Figure 10: Locality-aware work-pushing

While work-pushing and work-stealing may appear to conflict in some cases, they are very complementary. Work-pushing can also include additional heuristics or user hints to accelerate the initial distribution of work. Our data placement scheme guarantees that all accesses to task output data target the local memory of the accessing core. The complementary task placement heuristic improves the locality of task input data on a best effort basis. These algorithms take advantage of data-flow style task parallelism, where the privatization of task data enhances scalability by eliminating false dependences and enabling fine-grained dynamic control over data placement. The algorithms are fully automatic, application-independent and performance-portable, automatically adapting to dynamic changes.

Placement decisions use information about inter-task data dependences readily available in the run-time system and placement information from the operating system or UNIMEM driver. Our experiments, so far with shared-memory systems up to 192 cores and 24 nodes, show that we achieve on average 94% of local memory accesses and up to  $5 \times$  higher performance. We expect similar or better improvements in the case of larger systems because of a higher impact of locality when the memory latency of accessing remote nodes increases.
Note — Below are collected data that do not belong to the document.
(* Let $H$ be a $d$-uniform hypergraph, $k$ a field, and fix any term order on $k[t_e: e\in E(H)]$. Every polynomial in the reduced Gröbner basis of $I_H$ with respect to that term order is, up to sign, equal to $f_{\mathcal W}$ for some primitive monomial walk $\mathcal W$ on $H$.
   Context: A hypergraph $H$ on the vertex set $V=\{x_1,\dots,x_n\}$ is $d$-uniform if every edge has exactly $d$ vertices, and each edge $e$ corresponds to the monomial $x^e=\prod_{x_j\in e}x_j$. The toric ideal $I_H$ is the kernel of the ring map $k[t_e: e\in E(H)]\to k[x_1,\dots,x_n]$, $t_e\mapsto x^e$. A monomial walk on $H$ is a sequence $(e_1,\dots,e_{2k})$ of edges of $H$ satisfying: - repetitions are allowed; - each $e_i$ with $i\ge2$ meets $e_1\cup\dots\cup e_{i-1}$; - every covered vertex lies in equally many odd-indexed (blue) as even-indexed (red) edges. Its binomial is $f_{\mathcal W}=\prod_i t_{e_{2i-1}}-\prod_i t_{e_{2i}}$. A bicoloured multiset of edges is balanced if every covered vertex lies in equally many red and blue edges, counted with multiplicity. A monomial walk is primitive if no nonempty proper sub-multiset of its edges, with colours kept, is balanced. *)

From HB Require Import structures.
From mathcomp Require Import all_boot all_order all_algebra.
Set Implicit Arguments. Unset Strict Implicit. Unset Printing Implicit Defensive.
Import GRing.Theory.
Local Open Scope ring_scope.

(* A monomial t^a is an exponent vector a : E -> nat. *)
Definition mono (E : finType) := {ffun E -> nat}.

Definition mono0 (E : finType) : mono E := [ffun _ => 0%N].
Definition monoM (E : finType) (a b : mono E) : mono E := [ffun e => (a e + b e)%N].
Definition mdvd (E : finType) (a b : mono E) : bool := [forall e, (a e <= b e)%N].

Record mpoly (k : fieldType) (E : finType) := Poly {
  pcoef : mono E -> k;
  psupp : seq (mono E);
  psuppP : forall a, pcoef a != 0 -> a \in psupp }.

Definition pnonzero (k : fieldType) (E : finType) (p : mpoly k E) : Prop :=
  exists a, pcoef p a != 0.

Definition term_order (E : finType) (lt : rel (mono E)) : Prop :=
  [/\ (forall a, ~~ lt a a),
      (forall a b c, lt a b -> lt b c -> lt a c),
      (forall a b, a != b -> lt a b || lt b a),
      (forall a b c, lt a b -> lt (monoM a c) (monoM b c)) &
      (forall a, a != mono0 E -> lt (mono0 E) a)].

Definition is_lead (k : fieldType) (E : finType) (lt : rel (mono E))
  (p : mpoly k E) (a : mono E) : Prop :=
  pcoef p a != 0 /\ (forall b, pcoef p b != 0 -> b != a -> lt b a).

(* G is the reduced Groebner basis of the ideal I (given as a predicate on
   polynomials) w.r.t. lt:  G is contained in I, in(I) is generated by the
   leading monomials of G (for a monomial ideal: every leading monomial of a
   nonzero element of I is divisible by a leading monomial of some g in G),
   every g is monic, and no monomial of g is divisible by the leading monomial
   of another element g' of G. *)
Definition reduced_groebner (k : fieldType) (E : finType) (lt : rel (mono E))
  (I : mpoly k E -> Prop) (G : mpoly k E -> Prop) : Prop :=
  [/\ (forall g, G g -> I g),
      (forall g, G g -> exists a, is_lead lt g a /\ pcoef g a = 1),
      (forall f, I f -> pnonzero f ->
          exists g, G g /\ exists a b, [/\ is_lead lt g a, is_lead lt f b & mdvd a b]) &
      (forall g g', G g -> G g' -> (exists c, pcoef g c != pcoef g' c) ->
          forall a c, is_lead lt g' a -> pcoef g c != 0 -> ~~ mdvd a c)].

Definition uniform (V : finType) (d : nat) (H : {set {set V}}) : Prop :=
  forall e, e \in H -> #|e| = d.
We have additional ongoing investigations into adapting previous work on restricting the reliance on atomic operations and mitigating their impact for software barrier synchronization [3] and FIFO queue communication [5]. We expect that the key benefits of the optimizations implemented for other forms of NUMA and for minimizing reliance on atomic operations will translate into significant efficiency gains on the UNIMEM architecture as well.

## 3.3.3 GPI runtime system (FhG)

GPI-2 is a PGAS-based runtime environment for distributed-parallel systems. GPI outperforms other parallel runtimes in almost all scenarios in terms of scalability and communication efficiency. To enable this kind of performance, all GPI-Building-Blocks (Figure 11) need to be optimized and highly tuned for the underlying transport hardware.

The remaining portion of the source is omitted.